Another very interesting read John and once again sincere thanks for the time you have taken - another great series.

Cyril Lello seems to ring a bell in a distant memory for some reason. I think I read somewhere (maybe on TW) the story of Cyril Lello's life. But once again many thanks John, fascinating to read about those who played in the blue shirts, even if on occasions for the shortest possible time.

Terry White
3 Posted 13/07/2018 at 16:41:45
I saw both Tommy Jones and Cyril Lello, Farrell, Jones and Lello being the names of the first half back line I can recall.

Tommy Jones always suffered, I think, in his relationship with the fans because of the closeness of his name to "TG" and by virtue of coming into the team so closely after "TG" ended his career with us. Comparisons were inevitable.

I would agree he was a cultured centre half and set the tone for the style of his replacement, Brian Labone. "TE" was a little too nice in his play and could always be knocked around a bit by a bustling centre forward. He did take a good penalty kick as I recall. And he certainly did not let us down when moved to left back after Brian took over his role in the back line.

Terry White
4 Posted 13/07/2018 at 19:11:02
John, Jock Lindsay made your team of "Favourites", that great series you started that resulted in wonderful reminiscences from so many people, especially from us older 'uns. So, Jock clearly made an impression on you especially when he had to beat out everybody's "best" left back, Ray Wilson..
Dave Abrahams
5 Posted 13/07/2018 at 19:14:00
Tommy Jones was a good steady better than average centre half, always played fair and with a bit of style, much like Brian Labone but not as good, most of his goals came from the penalty spot although he scored with a long distance shot the night we won promotion at Oldham. Cyril Lello was an excellent half back, going well the first season we came back into the first division, scored the winner v PNE in a 1-0 victory, then was injured and faced a long spell out of the game.

Jimmy McIntosh, I saw his first game v Blackpool on a pitch covered in snow, scored in a game, pointed out by John, dominated by Eddie Wainwrights four goals, Jimmy scored the two goals at Anfield to give us a 2-0 win, but it wasn't enough to save us from relegation that year.

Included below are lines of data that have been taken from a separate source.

Lemma gradient_min_eq0 : g xs = 0.
Proof.
apply/eqP; rewrite -dotvv_le0.
have := abs_taylor1_le xs (- L^-1 *: g xs); rewrite ler_norml => /andP[_ taylor_up].
have := xs_min (xs + - L^-1 *: g xs).
have e1 : dotv (g xs) (- L^-1 *: g xs) = - L^-1 * dotv (g xs) (g xs) by expand_dotv; ring.
have e2 : L / 2 * dotv (- L^-1 *: g xs) (- L^-1 *: g xs) = L^-1 / 2 * dotv (g xs) (g xs).
  by expand_dotv; field; rewrite gt_eqF.
move=> min_le; have : L^-1 * dotv (g xs) (g xs) <= 0 by lra.
by rewrite pmulr_rle0 // invr_gt0.
Qed.

Lemma cocoercive_min_le (u : 'rV[R]_n) :
  f u + dotv (g u) (xs - u) + dotv (g u) (g u) / (2 * L) <= f xs.
Proof.
have := cocoercive_le xs u; rewrite gradient_min_eq0.
by rewrite (_ : dotv (0 - g u) (0 - g u) = dotv (g u) (g u)) //; expand_dotv; ring.
Qed.

Definition ogm_gap (x : 'rV[R]_n) := f x - f xs - dotv (g x) (g x) / (2 * L).

Lemma ogm_gap_ge0 x : 0 <= ogm_gap x.
Proof.
have := cocoercive_le x xs; rewrite gradient_min_eq0 dotv0l subr0 /ogm_gap; lra.
Qed.

Lemma ogm_potential_step (x xp z : 'rV[R]_n) (th thp : R) :
  1 <= th -> th ^+ 2 - th <= thp ^+ 2 ->
  z = th *: x - (th - 1) *: (xp - L^-1 *: g xp) ->
  2 * th ^+ 2 * ogm_gap x
    + L / 2 * dotv (z - (2 * th / L) *: g x - xs) (z - (2 * th / L) *: g x - xs)
  <= 2 * thp ^+ 2 * ogm_gap xp + L / 2 * dotv (z - xs) (z - xs).
Proof.
move=> th_ge1 th_le z_def.
have L_neq0 : L != 0 by rewrite gt_eqF.
have div2L r : r / (2 * L) = L^-1 / 2 * r by field.
have opt := cocoercive_min_le x.
have coco := cocoercive_le xp x.
have gap_ge0 := ogm_gap_ge0 xp.
rewrite /ogm_gap !div2L in opt coco gap_ge0 *.
have shiftE : L / 2 * dotv (z - (2 * th / L) *: g x - xs) (z - (2 * th / L) *: g x - xs)
    = L / 2 * dotv (z - xs) (z - xs) - 2 * th * dotv (g x) (z - xs)
      + 2 * th ^+ 2 * L^-1 * dotv (g x) (g x) by expand_dotv; field.
have zE : dotv (g x) (z - xs) = - dotv (g x) (xs - x)
    + (th - 1) * (- dotv (g x) (xp - x) + L^-1 * dotv (g x) (g xp)).
  by rewrite z_def; expand_dotv; ring.
have gradE : dotv (g xp - g x) (g xp - g x)
    = dotv (g xp) (g xp) - 2 * dotv (g x) (g xp) + dotv (g x) (g x) by expand_dotv; ring.
rewrite shiftE zE; rewrite gradE in coco.
have opt_w : 0 <= 2 * th * (f xs - (f x + dotv (g x) (xs - x)
    + L^-1 / 2 * dotv (g x) (g x))) by apply: mulr_ge0; lra.
have coco_w : 0 <= 2 * th * (th - 1) * (f xp - (f x + dotv (g x) (xp - x)
    + L^-1 / 2 * (dotv (g xp) (g xp) - 2 * dotv (g x) (g xp) + dotv (g x) (g x)))).
  by apply: mulr_ge0; [apply: mulr_ge0|]; lra.
have gap_w : 0 <= 2 * (thp ^+ 2 - (th ^+ 2 - th))
    * (f xp - f xs - L^-1 / 2 * dotv (g xp) (g xp)) by apply: mulr_ge0; lra.
lra.
Qed.
(* Let $I$ be a compact interval, $J\subseteq I$ a nonempty open interval, $S\subseteq\mathrm{Homeo}_+(I)$ a finite set, $\tau\in(0,1)$, and $(s_n)_{n\ge1}$ an infinite sequence in $S$ such that $\sum_{n\ge0}|s_n\cdots s_1J|^\tau<\infty$ (the $n=0$ term being $|J|^\tau$). If $c\in\mathrm{Homeo}_+(I)$ commutes with every element of $S$ and acts nontrivially on $J$ (i.e. $c(J)=J$ and $c|_J\neq\mathrm{id}$), then $S\cup\{c\}$ is a $(2,\tau)$-nesting. In particular, $S\cup\{c\}\not\subseteq\mathrm{Diff}_+^{1,\tau}(I)$.
   Context: $|\cdot|$ denotes length. $\mathrm{Diff}_+^{1,\tau}(I)$ is the group of orientation-preserving $C^1$-diffeomorphisms of $I$ with $\tau$-Hölder continuous derivative. For an integer $k\ge2$ and $u\in(0,1]$, a finite set $S\subseteq\mathrm{Homeo}_+(I)$ is a $(k,u)$-nesting if there exist nonempty open intervals $J_1\supsetneq\cdots\supsetneq J_k$ and an infinite sequence $(s_1,s_2,\ldots)$ in $S$ such that, with $w_n=s_n\cdots s_1$ ($w_0=\mathrm{id}$): (i) $\sum_{n\ge0}|w_nJ_1|^u<\infty$; (ii) for each $i=2,\ldots,k$ and $n\ge0$ some $s\in S$ satisfies $sw_nJ_i\cap w_nJ_i=\varnothing$ and $sw_nJ_{i-1}=w_nJ_{i-1}$. *)

From Stdlib Require Import Reals List.
Open Scope R_scope.

Definition rset := R -> Prop.

Definition in_I (a b x : R) : Prop := a <= x <= b.

Definition oint (p q : R) : rset := fun x => p < x < q.

Definition img (f : R -> R) (A : rset) : rset := fun y => exists x, A x /\ f x = y.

I saw Johnny McIllahatton with his shorts hitched up but he never lasted long. Maurice Lindley a tall gangling centre half never saw much action due to being in the queue behind TG Jones and Jack Humphreys, I never saw the other players John but keep them coming.

Dave Abrahams
6 Posted 13/07/2018 at 19:22:12
Terry (4), thanks for that post, reminded me of Jock Lindsay, of course I saw him and that dreadful day, I think it was a game v Stoke City on an Easter Saturday, when Jock broke his leg, in the season we won promotion, he was never the same after that, Jock was also a penalty taker, he scored one in the famous 8-4 win against lymouth Argyle the year we came up. Thanks again Terry.
John McFarlane Snr
7 Posted 13/07/2018 at 20:20:05
Hi all, in the Johnny McIlhatton tribute, the third paragraph should read 'Decidedly quick, he delivered a fine cross and caused defenders plenty of problems'

My proof reader had retired to her bed, and I'm afraid I wasn't as diligent as I should have been, please accept my apologies.

Rick Tarleton
8 Posted 14/07/2018 at 09:37:40
I remember Jones and Lello vividly. Tommy Jones Mark 2 was an excellent player perhaps a trifle too clean for the role he needed against Lofthouse, Ford and others of that era. I remember seeing Cyril Lello walking from his house to Goodison, he had a club house and he was strolling slowly to the players' entrance chatting to supporters as he went. Autre temps etc.
Have a great day tomorrow, John, I wish I could have joined you.
John McFarlane Snr
9 Posted 14/07/2018 at 11:25:40
Hi Rick [8] you're right about Tommy Jones being too clean for the role of centre half, because there were some 'bruisers' around in those days, and in his latter years he would have faced the likes of Derek Dougan and Bobby Smith.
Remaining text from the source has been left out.